The recently-concluded Alex Jones trial is an interesting point of reference for where free speech and the law are colliding in America today, and in this Wild Wild West of new media saturation that we're all living in.
https://www.reuters.com/business/media-telecom/jury-alex-jones-defamation-case-begin-deliberations-punitive-damages-2022-08-05/
This case is a bit of an outlier, since it's so rare for anybody to be held accountable for false speech in America. The Defendant, Alex Jones, told lies about a mass school shooting that happened 10 years ago. The jury found the lies were damaging enough to the victims of this atrocity that it supported a legal judgment of nearly $50 million.
The Alex Jones case stands for the following idea: If your "opinion" is that a bunch of dead kids are "crisis actors," and that their parents aren't really their parents, and you repeat the same thing over and over again to an audience of millions, then that's not really an "opinion" at all, it's a lie that's bad enough to warrant legal punishment.
I agree, while most opinions should be protected, there is a line somewhere where lies cross over to the point of heedlessly destroying reputations and actually inciting violence. Some of the parents of these slaughtered children actually had to go into hiding from the threats they were receiving from Jones's deranged fans.
It takes significant time for any case like this to make its way to trial - 10 years in this case. But it takes no time at all for an unhinged tweet or radio rant to go viral. That's a problem. And by the time the case is heard, the damage has already been done.

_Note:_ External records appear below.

Lemma chain_length_spec delta y : 0 < delta -> chain delta x0 y (chain_length delta y).
Proof.
  intros Hdelta. unfold chain_length. apply epsilon_spec.
  destruct (chain_exists delta x0 y Hdelta) as [n [_ Hn]]. exists n. exact Hn.
Qed.

Lemma chain_length_mod delta y n : 0 < delta -> chain delta x0 y n ->
  (n mod chain_period delta = chain_length delta y mod chain_period delta)%nat.
Proof.
  intros Hdelta Hn. destruct (chain_exists delta y x0 Hdelta) as [k [_ Hk]].
  apply (mod_add_cancel_r _ _ k); [apply chain_period_pos, Hdelta|].
  apply loop_mod_chain_period; [exact Hdelta | |]; eapply chain_app; try eassumption.
  apply chain_length_spec, Hdelta.
Qed.

Definition phase (delta : R) (y : X) : nat := (chain_length delta y mod chain_period delta)%nat.

Lemma phase_cyclic_factor delta : 0 < delta -> cyclic_factor (chain_period delta) (phase delta).
Proof.
  intros Hdelta. pose proof (chain_period_pos delta Hdelta) as Hg. unfold phase. split.
  - intros x. apply Nat.mod_upper_bound, Hg.
  - rewrite <- (chain_length_mod delta x0 0) by (exact Hdelta || apply chain_refl).
    apply Nat.Div0.mod_0_l.
  - intros x.
    rewrite <- (chain_length_mod delta (f x) (chain_length delta x + 1)), Nat.Div0.add_mod_idemp_l.
    + reflexivity.
    + exact Hdelta.
    + eapply chain_app; [apply chain_length_spec | apply chain_step]; exact Hdelta.
  - intros x. destruct (chain_exists delta x0 x Hdelta) as [n [Hn Hx]].
    destruct (chain_open delta x0 x n Hn Hx) as [r [Hr Hnear]].
    exists r. split; [exact Hr|]. intros y Hy.
    rewrite <- (chain_length_mod delta y n), <- (chain_length_mod delta x n); auto.
Qed.

(** * The odometer factor *)

Section Tower.

Hypothesis Hshad : shadowing d f.
Hypothesis Hsens : sensitive d f.

(* If the chain periods stayed below [M], shadowing would make [iter (fact M) f] the identity. *)
Lemma chain_period_unbounded delta M : 0 < delta ->
  exists delta', 0 < delta' /\ delta' <= delta /\ (M < chain_period delta')%nat.
Proof.
  intros Hdelta. apply NNPP. intros Hbounded.
  apply (periodic_not_sensitive x0 (fact M)); [apply fact_neq_0 | | exact Hsens].
  intros z. apply Hmet, Rle_antisym; [|apply d_nonneg].
  apply Rle_plus_epsilon. intros e He. rewrite Rplus_0_l.
  pose proof (lt_0_INR _ (lt_O_fact M)) as HM.
  set (eps := e / (4 * INR (fact M))).
  assert (Heps : 0 < eps) by (apply Rdiv_lt_0_compat; lra).
  destruct (Hshad eps Heps) as [delta_s [Hdelta_s Hsh]].
  set (delta' := Rmin delta delta_s).
  assert (Hdelta' : 0 < delta') by (apply Rmin_pos; assumption).
  pose proof (Rmin_l delta delta_s). pose proof (Rmin_r delta delta_s).
  assert (Hg : (chain_period delta' <= M)%nat).
  { apply Nat.nlt_ge. intros Hlt. apply Hbounded. exists delta'. repeat split; assumption. }
  pose proof (chain_period_pos delta' Hdelta').
  destruct (divide_fact (chain_period delta') M ltac:(lia)) as [t Ht].
  pose proof (displacement_le_mul _ _ t
    (displacement_le_chain_period delta_s eps delta' Heps Hsh Hdelta' ltac:(assumption)) z) as Hz.
  rewrite <- Ht in Hz.
  assert (Ht_le : INR t <= INR (fact M)) by (apply le_INR; rewrite Ht; nia).
  apply (Rle_trans _ _ _ Hz).
  replace e with (INR (fact M) * (4 * eps)) by (unfold eps; field; lra).
  apply Rmult_le_compat_r; lra.
Qed.

Definition admissible (N : nat) : Prop :=
  exists delta, 0 < delta /\ Nat.divide N (chain_period delta).

Lemma admissible_1 : admissible 1.
Proof. exists 1. split; [lra | apply Nat.divide_1_l]. Qed.

Lemma admissible_extend N : admissible N ->
  exists p, prime (Z.of_nat p) /\ admissible (N * p).
Proof.
  intros [delta [Hdelta [q Hq]]].
  destruct (chain_period_unbounded delta (chain_period delta) Hdelta) as [delta' [H1 [H2 H3]]].
  pose proof (chain_period_pos delta Hdelta).
  destruct (chain_period_divide delta' delta H1 H2) as [t Ht].
  assert (Ht2 : (2 <= t)%nat) by nia.
  assert (Hq1 : (1 <= q)%nat) by nia.
  destruct (prime_divisor_exists (t * q)) as [p [Hp [u Hu]]]; [nia|].
  exists p. split; [exact Hp|]. exists delta'. split; [exact H1|].
  exists u. rewrite Ht, Hq. nia.
Qed.

Lemma admissible_cyclic_factor N : admissible N -> exists J, cyclic_factor N J.
Proof.
  intros [delta [Hdelta HN]]. exists (fun x => phase delta x mod N)%nat.
  pose proof (chain_period_pos delta Hdelta).
  apply (cyclic_factor_mod (chain_period delta)); [apply phase_cyclic_factor, Hdelta | | exact HN].
  intros ->. destruct HN. lia.
Qed.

Apart from rare and unusual defamation cases like this one, we're in an era where the traditional media methods of fact-checking and vetting a story before it gets published only apply to outlets that willingly hold themselves to those standards. For any media outlets, or social media personalities, who don't have such scruples, the only check upon their ability to brazenly lie is their audience's own lack of gullibility, and the fact-checkers who are always one step behind them.